Data to process —
──────

(* Let $V$ be a finite set, $f:2^V\to\mathbb{R}$ non-decreasing and submodular, $k\ge1$ an integer, $\mathrm{OPT}\subseteq V$ with $|\mathrm{OPT}|=k$ maximizing $f$ among $k$-element subsets of $V$, $A\subseteq V$ with $|A|=k$, and $A'\subseteq A$ with $|A'|<k$. Let $B'\subseteq V\setminus A'$ be the greedy set: starting from $B'=\emptyset$, while $|B'|<k-|A'|$, add an element $e\in V\setminus(A'\cup B')$ maximizing $f(A'\cup B'\cup\{e\})-f(A'\cup B')$. Then \[ f(B'\cup A')\ \ge\ f(A')+\frac{1-\frac1e}{\left\lceil\frac{|\mathrm{OPT}\setminus A'|}{k-|A'|}\right\rceil}\bigl(f(\mathrm{OPT}\cup A')-f(A')\bigr). \]
   Context: $f$ non-decreasing means $f(X)\le f(Y)$ for $X\subseteq Y$; submodular means $f(X\cup\{e\})-f(X)\ge f(Y\cup\{e\})-f(Y)$ for $X\subseteq Y\subseteq V$, $e\notin Y$. *)

From HB Require Import structures.
From mathcomp Require Import all_boot all_order all_algebra.
From mathcomp Require Import reals sequences exp.
Set Implicit Arguments. Unset Strict Implicit. Unset Printing Implicit Defensive.
Import Order.TTheory GRing.Theory Num.Theory.
Local Open Scope ring_scope.

Section Defs.
Variables (R : realType) (V : finType).

Definition nondecreasing_setfun (f : {set V} -> R) : Prop :=
  forall X Y : {set V}, X \subset Y -> f X <= f Y.

Definition submodular (f : {set V} -> R) : Prop :=
  forall (X Y : {set V}) (e : V), X \subset Y -> e \notin Y ->
    f (e |: X) - f X >= f (e |: Y) - f Y.

Definition greedy_step (f : {set V} -> R) (S : {set V}) (e : V) : Prop :=
  e \notin S /\
  forall x : V, x \notin S -> f (x |: S) - f S <= f (e |: S) - f S.

(* The sequence s of chosen elements is a run of the greedy algorithm
   starting from the current set S (here S = A' :|: B' so far). *)
Fixpoint greedy_run (f : {set V} -> R) (S : {set V}) (s : seq V) : Prop :=
  match s with
  | [::] => True
  | e :: s' => greedy_step f S e /\ greedy_run f (e |: S) s'
  end.

End Defs.

From HB Require Import structures.
From mathcomp Require Import all_boot all_order all_algebra.
From mathcomp Require Import reals sequences exp.
From mathcomp Require Import lra.
Set Implicit Arguments. Unset Strict Implicit. Unset Printing Implicit Defensive.
Import Order.TTheory GRing.Theory Num.Theory.
Local Open Scope ring_scope.

(* Write [o = |OPT \ A'|] and [m = k - |A'|].  For every superset [S] of
   [A'], adding the [o] elements of [OPT \ A'] raises [f S] at least to
   [f (OPT + A')], and by submodularity this costs at most [o] times the best
   single marginal gain, which the greedy step realises.  So each of the [m]
   greedy steps shrinks the gap to [f (OPT + A')] by a factor [1 - 1/o],
   leaving at most [(1 - 1/o)^m <= exp (-m/o) <= exp (-1/c)] of it, where
   [c = ceil (o/m)].  Finally [1 - exp (-1/c) >= (1 - 1/e)/c] because
   [1 - y^c <= c (1 - y)] for [0 <= y <= 1]. *)

Section GreedyGap.
Variables (R : realType) (V : finType) (f : {set V} -> R).
Hypothesis f_mono : nondecreasing_setfun f.
Hypothesis f_submod : submodular f.

Lemma marginal_ge0 (S : {set V}) (x : V) : 0 <= f (x |: S) - f S.
Proof. by rewrite subr_ge0; apply: f_mono; apply: subsetUr. Qed.

Lemma marginal_union_le (S T : {set V}) (d : R) :
  (forall x, f (x |: S) - f S <= d) -> f (T :|: S) - f S <= #|T|%:R * d.
Proof.
move=> le_d; rewrite cardE -{1}(set_enum T).
elim: (enum T) => [|x t IH] /=.
  by rewrite mul0r (_ : [set x in [::]] = set0) ?set0U ?subrr // -setP => y; rewrite !inE.
have -> : [set y in x :: t] :|: S = x |: ([set y in t] :|: S).
  by apply/setP=> y; rewrite !inE orbA.
set Y := [set y in t] :|: S.
have gain_x : f (x |: Y) - f Y <= d.
  have [xY | xNY] := boolP (x \in Y).
    by rewrite (setUidPr _) ?sub1set // subrr; apply: le_trans (marginal_ge0 S x) (le_d x).
  by apply: le_trans (le_d x); apply: f_submod => //; apply: subsetUr.
by rewrite -nat1r mulrDl mul1r; lra.
Qed.

Lemma greedy_step_max (S : {set V}) (e : V) : greedy_step f S e ->
  forall x, f (x |: S) - f S <= f (e |: S) - f S.
Proof.
case=> _ e_max x; have [xS | /e_max //] := boolP (x \in S).
by rewrite (setUidPr _) ?sub1set // subrr; apply: marginal_ge0.
Qed.

Lemma greedy_step_gap (S T : {set V}) (e : V) (F : R) :
  (0 < #|T|)%N -> F <= f (T :|: S) -> greedy_step f S e ->
  F - f (e |: S) <= (1 - #|T|%:R^-1) * (F - f S).
Proof.
move=> T_gt0 le_F step; set n : R := #|T|%:R.
have n_gt0 : 0 < n by rewrite ltr0n.
have gap_le : F - f S <= n * (f (e |: S) - f S).
  have := marginal_union_le T (greedy_step_max step); lra.
have gain_ge : (F - f S) / n <= f (e |: S) - f S by rewrite ler_pdivrMr // mulrC.
by rewrite mulrBl mul1r [_^-1 * _]mulrC; lra.
Qed.

Lemma greedy_run_gap (s : seq V) (S T : {set V}) (F : R) :
  (0 < #|T|)%N -> F <= f (T :|: S) -> greedy_run f S s ->
  F - f ([set x in s] :|: S) <= (1 - #|T|%:R^-1) ^+ size s * (F - f S).
Proof.
move=> T_gt0; elim: s S => [|e s IH] S le_F /=.
  by rewrite expr0 mul1r (_ : [set x in [::]] = set0) ?set0U // -setP => y; rewrite !inE.
case=> step run; have le_F' : F <= f (T :|: (e |: S)).
  by apply: le_trans le_F _; apply/f_mono/setUS/subsetUr.
have -> : [set y in e :: s] :|: S = [set y in s] :|: (e |: S).
  by apply/setP=> y; rewrite !inE orbA (orbC (y == e)).
apply: le_trans (IH _ le_F' run) _; rewrite exprSr -mulrA.
apply: ler_wpM2l; last exact: greedy_step_gap.
by apply: exprn_ge0; rewrite subr_ge0 invf_le1 ?ltr0n // ler1n.
Qed.

End GreedyGap.

Lemma one_sub_expn_le (R : realFieldType) (y : R) (c : nat) :
  0 <= y <= 1 -> 1 - y ^+ c <= c%:R * (1 - y).
Proof.
case/andP=> y_ge0 y_le1; elim: c => [|c IH]; first by rewrite expr0 mul0r subrr.
have /andP[yc_ge0 yc_le1] : 0 <= y ^+ c <= 1 by rewrite exprn_ge0 // exprn_ile1.
by rewrite exprS -nat1r mulrDl mul1r; nra.
Qed.

Lemma one_sub_expR_inv_ge (R : realType) (c : nat) : (0 < c)%N ->
  (1 - (expR 1)^-1) / c%:R <= 1 - expR (- c%:R^-1) :> R.
Proof.
move=> c_gt0; have cR_gt0 : 0 < c%:R :> R by rewrite ltr0n.
have y_expc : expR (- c%:R^-1) ^+ c = (expR 1)^-1 :> R.
  by rewrite -expRM_natl mulrN mulfV ?gt_eqF // expRN.
have y_01 : 0 <= expR (- (c%:R : R)^-1) <= 1.
  by rewrite expR_ge0 expR_le1 oppr_le0 invr_ge0 ltW.
have := one_sub_expn_le c y_01.
by rewrite y_expc ler_pdivrMr // mulrC.
Qed.

Lemma expn_one_sub_inv_le (R : realType) (o m : nat) : (0 < o)%N ->
  (1 - o%:R^-1) ^+ m <= expR (- (m%:R / o%:R)) :> R.
Proof.
move=> o_gt0; have q_ge0 : 0 <= 1 - o%:R^-1 :> R.
  by rewrite subr_ge0 invf_le1 ?ltr0n // ler1n.
rewrite -mulrN expRM_natl lerXn2r ?nnegrE ?expR_ge0 //.
by have := expR_ge1Dx (- (o%:R : R)^-1); lra.
Qed.

Lemma greedy_ratio_ge (R : realType) (o m c : nat) :
  (0 < o)%N -> (0 < m)%N -> (o <= c * m)%N ->
  (1 - (expR 1)^-1) / c%:R <= 1 - (1 - o%:R^-1) ^+ m :> R.
Proof.
move=> o_gt0 m_gt0 o_le_cm.
have c_gt0 : (0 < c)%N by move: o_le_cm; case: c => //; rewrite mul0n leqNgt o_gt0.
apply: (le_trans (one_sub_expR_inv_ge R c_gt0)).
rewrite lerD2l lerN2; apply: (le_trans (expn_one_sub_inv_le R m o_gt0)).
rewrite ler_expR lerN2 ler_pdivlMr ?ltr0n // mulrC ler_pdivrMr ?ltr0n //.
by rewrite -natrM ler_nat mulnC.
Qed.

Lemma ceil_ratio_nat (R : archiRealFieldType) (o m : nat) : (0 < m)%N ->
  exists2 c : nat, Num.ceil (o%:R / m%:R : R) = c%:Z & (o <= c * m)%N.
Proof.
move=> m_gt0; set x : R := o%:R / m%:R.
have ceil_ge0 : 0 <= Num.ceil x by rewrite -(ceil0 R) le_ceil ?divr_ge0.
have [c def_c] : exists c : nat, Num.ceil x = c%:Z.
  by case: (Num.ceil x) ceil_ge0 => [c|//] _; exists c.
have := ceil_ge x; rewrite def_c => x_le_c.
exists c => //; rewrite -(ler_nat R) natrM -ler_pdivrMr ?ltr0n //.
Qed.

Theorem mainTheorem3 (R : realType) (V : finType) (f : {set V} -> R) (k : nat)
  (OPT A A' : {set V}) (s : seq V) :
  nondecreasing_setfun f -> submodular f -> (1 <= k)%N ->
  #|OPT| = k -> (forall S : {set V}, #|S| = k -> f S <= f OPT) ->
  #|A| = k -> A' \subset A -> (#|A'| < k)%N ->
  greedy_run f A' s -> size s = (k - #|A'|)%N ->
  let B' := [set x in s] in
  f (B' :|: A') >=
    f A' + (1 - (expR 1)^-1)
             / (Num.ceil ((#|OPT :\: A'|)%:R / (k - #|A'|)%N%:R : R))%:~R
             * (f (OPT :|: A') - f A').
Proof.
move=> f_mono f_submod _ _ _ _ _ A'_lt_k run size_s /=.
set m := (k - #|A'|)%N; set F := f (OPT :|: A').
have m_gt0 : (0 < m)%N by rewrite subn_gt0.
have [o_eq0 | o_gt0] := posnP #|OPT :\: A'|.
  by rewrite o_eq0 mul0r ceil0 invr0 mulr0 mul0r addr0; apply/f_mono/subsetUr.
have F_le : F <= f ((OPT :\: A') :|: A').
  by apply/f_mono/subsetP=> x; rewrite !inE; case: (x \in A'); rewrite ?orbT ?orbF.
have gap_le := greedy_run_gap f_mono f_submod o_gt0 F_le run.
have gap_ge0 : 0 <= F - f A' by rewrite subr_ge0; apply/f_mono/subsetUr.
have [c -> o_le_cm] := ceil_ratio_nat R #|OPT :\: A'| m_gt0.
have := ler_wpM2r gap_ge0 (greedy_ratio_ge R o_gt0 m_gt0 o_le_cm).
by rewrite size_s -/m in gap_le; lra.
Qed.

──────

Task objective — Which lines of the entries above contain the word "subrr"? Copy each of them.

Reply to the task —
  by rewrite mul0r (_ : [set x in [::]] = set0) ?set0U ?subrr // -setP => y; rewrite !inE.
    by rewrite (setUidPr _) ?sub1set // subrr; apply: le_trans (marginal_ge0 S x) (le_d x).
by rewrite (setUidPr _) ?sub1set // subrr; apply: marginal_ge0.
case/andP=> y_ge0 y_le1; elim: c => [|c IH]; first by rewrite expr0 mul0r subrr.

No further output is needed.